Gateshead’s and Bradford’s contrasting approaches come in spite of both ranking highest for persistent secondary absence, according to analysis of official data by Datalab’s FFT Attendance Tracker shared with Schools Week.

The analysis showed 18 per cent of pupils missed a fifth of more of sessions earlier this term in both districts.

Slump in parenting orders and contracts

The DfE also released data on other “parental responsibility measures”. Fewer than 0.2 per cent of fines were for lateness in 2020-21, with 76 per cent down to unauthorised family trips.

The number of cases going through attendance case management, a form of early intervention to tackle absence, dropped from 82,100 pre-Covid, to 39,700 in 2020-21.

Meanwhile parenting orders over absence, issued by courts to require actions such as attending guidance or counselling sessions, also fell.

Just eight were issued, compared to 117 in 2018-19. Their use had already been dropping, down from 439 in 2010-11. But courts were also heavily disrupted by Covid.

Only 17 education supervision orders, which see councils appointed by court to temporarily supervise children’s education, were issued by just eight councils. Only 34 had been issued two years previously, however.

Parenting contracts, a voluntary agreement between parents and councils or governors, more than halved too. A total of 7,800 were offered, of which three-quarters were accepted by parents, compared to 18,300 in 2018-19.
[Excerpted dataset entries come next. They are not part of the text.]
Lemma prune_id k t : all k (leaves t) -> prune k t = Some t.
Proof.
elim: t => [u|l IHl r IHr] /=; first by rewrite andbT => ->.
by rewrite all_cat => /andP[/IHl -> /IHr ->].
Qed.

Lemma prune_subtree k y t : is_subtree y t -> all k (leaves y) ->
  exists2 t', prune k t = Some t' & is_subtree y t'.
Proof.
elim: t => [u|l IHl r IHr] /=.
  by case=> [->|[]] /= /andP[-> _]; exists (Leaf u); last left.
case=> [->|[/IHl IH|/IHr IH]] ky.
- by exists (Node l r); [exact: (prune_id ky) | exact: subtree_refl].
- have [l' -> yl'] := IH ky.
  by case: (prune k r) => [r'|]; [exists (Node l' r'); last (right; left) | exists l'].
- have [r' -> yr'] := IH ky.
  by case: (prune k l) => [l'|]; [exists (Node l' r'); last (right; right) | exists r'].
Qed.

Definition graft (o : option (btree V)) (M : btree V) :=
  if o is Some r then Node r M else M.

Lemma leaves_graft o M : leaves (graft o M) = oleaves o ++ leaves M.
Proof. by case: o. Qed.

Lemma subtree_graftr o M : is_subtree M (graft o M).
Proof. by case: o => [r|]; [right; right; exact: subtree_refl | exact: subtree_refl]. Qed.

Lemma subtree_graftl r y M : is_subtree y r -> is_subtree y (graft (Some r) M).
Proof. by right; left. Qed.

End BinaryTrees.

Lemma count_eq2P (T : eqType) (P : pred T) (s : seq T) : uniq s -> count P s = 2 ->
  exists f1 f2, [/\ f1 \in s, f2 \in s, f1 != f2, P f1 & P f2] /\
    (forall f, f \in s -> P f -> f = f1 \/ f = f2).
Proof.
move=> us; rewrite -size_filter.
have mf f : (f \in filter P s) = (f \in s) && P f by rewrite mem_filter andbC.
have := filter_uniq P us.
case: (filter P s) mf => [|f1 [|f2 [|f3 t]]] //= mf uf _.
have := mf f1; have := mf f2; rewrite !inE !eqxx orbT /= => /esym/andP[? ?] /esym/andP[? ?].
exists f1, f2; split; first by move: uf; rewrite inE andbT => ->.
by move=> f fs Pf; have := mf f; rewrite fs Pf !inE => /orP[] /eqP ->; [left | right].
Qed.

Lemma count_filter_predC (T : eqType) (p q : pred T) s :
  count p s = count p (filter q s) + count p (filter (predC q) s).
Proof. by elim: s => //= x s ->; case: (q x) => /=; lia. Qed.

Lemma count_uniq_sub (T : eqType) (P : pred T) (s1 s2 : seq T) :
  uniq s1 -> {subset s1 <= s2} -> count P s1 <= count P s2.
Proof.
move=> u1 sub; rewrite -!size_filter; apply: uniq_leq_size; first by rewrite filter_uniq.
by move=> x; rewrite !mem_filter => /andP[-> /sub].
Qed.

Lemma cards3 (T : finType) (x y z : T) :
  x != y -> x != z -> y != z -> #|[set x; y; z]| = 3.
Proof.
move=> xy xz yz.
by rewrite -setUA !cardsU1 cards1 !inE (negbTE xy) (negbTE xz) (negbTE yz).
Qed.

Lemma card3_decomp (T : finType) (f : {set T}) x : #|f| = 3 -> x \in f ->
  exists y z, [/\ y != z, y != x, z != x & f = [set x; y; z]].
Proof.
move=> f3 xf; have /cards2P[y [z [yz Ef]]] : #|f :\ x| == 2.
  by move: f3; rewrite (cardsD1 x f) xf add1n => -[->].
have : (y \in f :\ x) && (z \in f :\ x) by rewrite Ef !inE !eqxx orbT.
rewrite !inE => /andP[/andP[yx _] /andP[zx _]].
by exists y, z; split => //; rewrite -(setD1K xf) Ef setUA.
Qed.

Lemma card3_decomp2 (T : finType) (f : {set T}) x y :
  #|f| = 3 -> x \in f -> y \in f -> x != y ->
  exists z, [/\ z != x, z != y & f = [set x; y; z]].
Proof.
move=> f3 xf yf xy; have [y' [z' [yz yx zx Ef]]] := card3_decomp f3 xf.
move: yf; rewrite Ef !inE eq_sym (negbTE xy) /= => /orP[] /eqP Ey; subst y.
  by exists z'; split; rewrite // eq_sym.
by exists y'; split => //; apply/setP => w; rewrite !inE orbAC.
Qed.

Lemma pair_in_set3 (T : finType) (a b c x y : T) :
  a != b -> a != c -> b != c -> x != y ->
  ((x \in [set a; b; c]) && (y \in [set a; b; c]) : nat) =
  (x \in [set a; b]) && (y \in [set a; b]) + (x \in [set a; c]) && (y \in [set a; c])
  + (x \in [set b; c]) && (y \in [set b; c]).
Proof.
rewrite !inE => ab ac bc xy.
have nboth (z p q : T) : p != q -> ~~ ((z == p) && (z == q)).
  by move=> pq; apply: contra pq => /andP[/eqP <- /eqP <-].
have nsame p : ~~ ((x == p) && (y == p)).
  by apply: contra xy => /andP[/eqP -> /eqP ->].
move: (nboth x _ _ ab) (nboth x _ _ ac) (nboth x _ _ bc) (nboth y _ _ ab) (nboth y _ _ ac)
  (nboth y _ _ bc) (nsame a) (nsame b) (nsame c).
by case: (x == a); case: (x == b); case: (x == c); case: (y == a); case: (y == b);
  case: (y == c).
Qed.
Seven in ten authorities offered no parenting contracts in the last academic year.

The figures suggest the scale of the challenge facing Zahawi, who has declared attendance his “top priority” amid continued Covid disruption in schools.

A letter seen by Schools Week shows Zahawi has ordered councils to tell parents that keeping their children off school has “repercussions,” including fines, parenting contracts and education supervision orders.

Yet he faces demands from cash-strapped councils to fund the crackdown on the one hand, and threats of legal action and de-registration from parents worried about Covid on the other.